Tchaikovsky Concerts Canceled, Russian Artists Fired
I have an old LP on the turntable now, a 1985 Berlin Philharmonic performance of Tchaikovsky‘s 1812 Overture. Recorded almost 40 years before the Russian invasion of Ukraine, almost 40 years after Germany‘s siege of Leningrad, the Berlin Wall still standing, no end in sight, at the height of the Cold War. Great Russian music, composed to the memory of yet another war between East and West, performed by a renowned West German orchestra; the old foes, and by then foes still, but united through art.
A few weeks ago, the Cardiff Philharmonic Orchestra canceled a Tchaikovsky concert, calling it “inappropriate at this time.” Throughout Western Europe, Russian artists have had their engagements canceled and some have even been fired from their jobs.

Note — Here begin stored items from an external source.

(* For all integers $n,m \geq 1$ with $n+m \geq 3$: ${\rm ML}^{\rm W}(K_{n,m})=0$ if $n \neq m$, and ${\rm ML}^{\rm W}(K_{n,m})=2n-2$ if $n=m \geq 2$.
   Context: $K_{n,m}$ is the complete bipartite graph with parts of sizes $n$ and $m$. A walk of a graph $G$ is a sequence of vertices $u_0u_1\dots u_p$ with $u_tu_{t+1}\in E(G)$ for all $t$ (vertices and edges may repeat); its length is $p$. For a walk $W$ of $G$, $G+W$ is the multigraph on $V(G)$ whose edge multiset consists of $E(G)$ together with each edge added as many times as $W$ traverses it. A multigraph is locally irregular if no two adjacent vertices have the same degree; a walk is irregularising if $G+W$ is locally irregular. ${\rm ML}^{\rm W}(G)$ denotes the minimum length of an irregularising walk of $G$, where the trivial walk consisting of a single vertex (length $0$) is allowed. *)

From mathcomp Require Import all_boot.
Set Implicit Arguments. Unset Strict Implicit. Unset Printing Implicit Defensive.

Section Walks.
Variables (T : finType) (e : rel T).

Definition is_walk (w : seq T) : bool :=
  if w is x :: s then path e x s else false.

Definition walk_len (w : seq T) : nat := (size w).-1.

Definition walk_steps (w : seq T) : seq (T * T) := zip w (behead w).

Definition gdeg (v : T) : nat := #|[pred u | e v u]|.

(* degree of v in the multigraph G + W : each traversal of an edge incident
   to v adds one (an edge uv traversed at step t contributes to both ends) *)
Definition walk_deg (w : seq T) (v : T) : nat :=
  gdeg v + \sum_(st <- walk_steps w) ((st.1 == v) + (st.2 == v)).

(* G + W is locally irregular: adjacent vertices (adjacency of G+W is that of G)
   have different degrees *)
Definition irregularising (w : seq T) : bool :=
  is_walk w && [forall u, forall v, e u v ==> (walk_deg w u != walk_deg w v)].

Definition MLW_is (k : nat) : Prop :=
  (exists w, irregularising w /\ walk_len w = k) /\
  (forall w, irregularising w -> k <= walk_len w).

End Walks.

Definition Kbip (n m : nat) : rel ('I_n + 'I_m)%type :=
  fun x y => match x, y with
             | inl _, inr _ => true
             | inr _, inl _ => true
             | _, _ => false
             end.
Arguments Kbip n m : clear implicits.

From mathcomp Require Import all_boot zify.
Set Implicit Arguments. Unset Strict Implicit. Unset Printing Implicit Defensive.

(* If n <> m, K_{n,m} is already locally irregular: every edge joins a vertex
   of degree m to one of degree n.  If n = m all degrees equal n, so an
   irregularising walk must visit a whole side (an unvisited left vertex and an
   unvisited right vertex would be adjacent of equal degree); since the walk
   alternates sides, it then has at least 2n - 1 vertices.  Conversely, the walk
   bouncing between one right "hub" and the n left vertices, each visited once,
   lifts the hub to degree 3n - 2 and the left vertices to n + 1 or n + 2, while
   the other right vertices keep degree n. *)

Section WalkDegree.
Variables (T : finType) (e : rel T).

Lemma walk_deg_count x s v :
  walk_deg e (x :: s) v + (x == v) + (last x s == v) =
  gdeg e v + 2 * count_mem v (x :: s).
Proof.
rewrite /walk_deg /walk_steps; elim: s x => [|y s IHs] x /=.
  by rewrite big_nil; lia.
by rewrite big_cons /=; have := IHs y; rewrite /=; lia.
Qed.

Lemma walk_deg_notin w v : v \notin w -> walk_deg e w v = gdeg e v.
Proof.
case: w => [|x s] v_notin; first by rewrite /walk_deg big_nil addn0.
have : gdeg e v <= walk_deg e (x :: s) v by exact: leq_addr.
have := walk_deg_count x s v; move/count_memPn: v_notin => ->.
by move: (walk_deg e _ v) => d; lia.
Qed.

Lemma walk_deg1 x v : walk_deg e [:: x] v = gdeg e v.
Proof. by rewrite /walk_deg big_nil addn0. Qed.

End WalkDegree.

Section AlternatingWalks.
Variables (T : finType) (e : rel T) (P : pred T).
Hypothesis e_switches : forall x y, e x y -> P y = ~~ P x.

Lemma count_path_alternating x s :
  path e x s -> count P (x :: s) <= count (predC P) (x :: s) + P x.
Proof.
elim: s x => [|y s IHs] x /=; first by case: (P x).
case/andP=> /e_switches Py /IHs /=; rewrite Py.
by case: (P x) => /=; lia.
Qed.

Lemma card_le_count (w : seq T) : {subset P <= w} -> #|P| <= count P w.
Proof.
move=> P_sub_w; rewrite -size_filter; apply: leq_trans (card_size _).
apply/subset_leq_card/subsetP=> v Pv.
by rewrite mem_filter; apply/andP; split; [exact: Pv | exact: P_sub_w].
Qed.

Lemma size_path_covering x s :
  path e x s -> {subset P <= x :: s} -> #|P|.*2 <= (size s).+2.
Proof.
move=> xs_path /card_le_count P_le.
have := count_path_alternating xs_path; have := count_predC P (x :: s).
by move: P_le; rewrite /=; case: (P x) => /=; lia.
Qed.

End AlternatingWalks.

Definition is_left n m (u : 'I_n + 'I_m) : bool :=
  if u is inl _ then true else false.

Section CompleteBipartite.
Variables n m : nat.
Local Notation K := (Kbip n m).

Lemma Kbip_switches x y : K x y -> @is_left n m y = ~~ is_left x.
Proof. by case: x => ?; case: y. Qed.

Lemma Kbip_switches_right x y :
  K x y -> predC (@is_left n m) y = ~~ predC (@is_left n m) x.
Proof. by case: x => ?; case: y. Qed.

Lemma card_is_left : #|@is_left n m| = n.
Proof.
rewrite -sum1_card big_sumType /= [X in _ + X]big_pred0 // addn0.
by rewrite (eq_bigl xpredT) // sum1_card card_ord.
Qed.

Lemma card_is_right : #|predC (@is_left n m)| = m.
Proof.
rewrite -sum1_card big_sumType /= [X in X + _]big_pred0 // add0n.
by rewrite (eq_bigl xpredT) // sum1_card card_ord.
Qed.

Lemma gdeg_Kbip_left i : gdeg K (inl i) = m.
Proof. by rewrite /gdeg -[RHS]card_is_right; apply: eq_card => -[]. Qed.

Lemma gdeg_Kbip_right j : gdeg K (inr j) = n.
Proof. by rewrite /gdeg -[RHS]card_is_left; apply: eq_card => -[]. Qed.

Lemma Kbip_irregularising w :
  is_walk K w -> (forall i j, walk_deg K w (inl i) != walk_deg K w (inr j)) ->
  irregularising K w.
Proof.
move=> w_walk deg_neq; rewrite /irregularising w_walk.
by apply/forallP=> -[i|j]; apply/forallP=> -[i'|j'] //=; rewrite // eq_sym.
Qed.

End CompleteBipartite.

Lemma Kbip_irregularising_covers_side n w :
  irregularising (Kbip n n) w ->
  {subset @is_left n n <= w} \/ {subset predC (@is_left n n) <= w}.
Proof.
case/andP=> _ /forallP deg_neq.
have [left_in | /forallPn[i /= i_notin]] := boolP [forall i, inl i \in w].
  by left=> -[i|//] _; apply: (forallP left_in).
right=> -[//|j] _; apply/negPn/negP=> j_notin.
have := implyP (forallP (deg_neq (inl i)) (inr j)) isT.
by rewrite !walk_deg_notin // gdeg_Kbip_left gdeg_Kbip_right eqxx.
Qed.

Lemma Kbip_irregularising_len n w :
  irregularising (Kbip n n) w -> 2 * n - 2 <= walk_len w.
Proof.
move=> w_irr; have := Kbip_irregularising_covers_side w_irr.
case/andP: w_irr; case: w => [|x s] //= xs_path _.
case=> [left_sub | right_sub].
- have := size_path_covering (@Kbip_switches n n) xs_path left_sub.
  by rewrite card_is_left /walk_len /=; lia.
- have := size_path_covering (@Kbip_switches_right n n) xs_path right_sub.
  by rewrite card_is_right /walk_len /=; lia.
Qed.

Section SpokeWalk.
Variables (n m : nat) (hub : 'I_m).
Local Notation K := (Kbip n m).

Definition spokes (s : seq 'I_n) : seq ('I_n + 'I_m) :=
  flatten [seq [:: inr hub; inl i] | i <- s].

Definition spoke_walk (a : 'I_n) (s : seq 'I_n) := inl a :: spokes s.

Lemma spoke_walk_is_walk a s : is_walk K (spoke_walk a s).
Proof. by rewrite /spoke_walk /=; elim: s a => [|i s IHs] a //=; apply: IHs. Qed.

Lemma walk_len_spoke_walk a s : walk_len (spoke_walk a s) = 2 * size s.
Proof. by rewrite /walk_len /=; elim: s => [|i s IHs] //=; rewrite IHs; lia. Qed.

Lemma last_spoke_walk a s : last (inl a) (spokes s) = inl (last a s).
Proof. by elim: s a => [|i s IHs] a //=; apply: IHs. Qed.

Lemma walk_deg_spoke_walk_left a s i :
  walk_deg K (spoke_walk a s) (inl i) + (a == i) + (last a s == i) =
  m + 2 * count_mem i (a :: s).
Proof.
have := walk_deg_count K (inl a) (spokes s) (inl i).
rewrite last_spoke_walk gdeg_Kbip_left /= => ->.
by congr (_ + 2 * (_ + _)); elim: s {a} => [|j s IHs] //=; rewrite IHs.
Qed.

Lemma walk_deg_spoke_walk_right a s j :
  walk_deg K (spoke_walk a s) (inr j) = n + (hub == j) * (2 * size s).
Proof.
have := walk_deg_count K (inl a) (spokes s) (inr j).
rewrite last_spoke_walk gdeg_Kbip_right /= add0n addn0.
have -> : count_mem (inr j) (spokes s) = (hub == j) * size s.
  by elim: s {a} => [|i s IHs] /=; rewrite ?muln0 // IHs mulnS.
by rewrite /spoke_walk; lia.
Qed.

End SpokeWalk.

Lemma Kbip_diag_irregularising_walk n (a b : 'I_n) : a != b ->
  exists2 w, irregularising (Kbip n n) w & walk_len w = 2 * n - 2.
Proof.
move=> a_neq_b; pose mids : seq 'I_n := enum [pred i | (i != a) && (i != b)].
have card_mids : size mids + 2 = n.
  rewrite -cardE -[RHS](card_ord n) -(cardC (pred2 a b)) card2 a_neq_b addnC.
  by congr (_ + _); apply: eq_card => i; rewrite !inE negb_or.
have count_mids i : count_mem i mids = (i != a) && (i != b).
  by rewrite count_uniq_mem ?enum_uniq ?mem_enum.
exists (spoke_walk a a (rcons mids b)); last first.
  by rewrite walk_len_spoke_walk size_rcons; lia.
apply: Kbip_irregularising => [|i j]; first exact: spoke_walk_is_walk.
have := walk_deg_spoke_walk_left a a (rcons mids b) i.
rewrite walk_deg_spoke_walk_right size_rcons last_rcons /=.
rewrite -cats1 count_cat count_mids /=.
(* a left vertex outside {a, b} lies in mids, which forces n >= 3 *)
have := count_size (pred1 i) mids; rewrite count_mids.
move: (walk_deg _ _ _) => d; rewrite (eq_sym a i) (eq_sym b i).
case: (eqVneq i a) => [->|_].
  by rewrite (negbTE a_neq_b) /=; case: (a == j); lia.
by case: (eqVneq i b) => _ /=; case: (a == j); lia.
Qed.

Theorem theorem5p2 (n m : nat) :
  1 <= n -> 1 <= m -> 3 <= n + m ->
  (n != m -> MLW_is (Kbip n m) 0) /\
  (n = m -> 2 <= n -> MLW_is (Kbip n m) (2 * n - 2)).
Proof.
move=> n_gt0 _ _; split=> [n_neq_m | <- n_ge2].
  split=> [|w _] //; exists [:: inl (Ordinal n_gt0)]; split=> //.
  apply: Kbip_irregularising => // i j.
  by rewrite !walk_deg1 gdeg_Kbip_left gdeg_Kbip_right eq_sym.
split=> [|w /Kbip_irregularising_len //].
have n1_lt_n : n.-1 < n by rewrite prednK.
have first_neq_last : Ordinal n_gt0 != Ordinal n1_lt_n by apply/eqP=> -[]; lia.
by have [w] := Kbip_diag_irregularising_walk first_neq_last; exists w.
Qed.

In a 1984 Granta article, “A Kidnapped West or Culture Bows Out,” Milan Kundera defined European culture as characterized by “the authority of the thinking, doubting individual and on an artistic creation which expressed his uniqueness.“ In contrast “nothing could be more foreign to Central Europe and its passion for variety than Russia: uniform, standardizing, centralizing, determined to transform every nation of its empire … into a single Russian people … on the Eastern border of the West – more than anywhere else – Russia is seen not just as one more European power but as a singular civilization, another civilization.”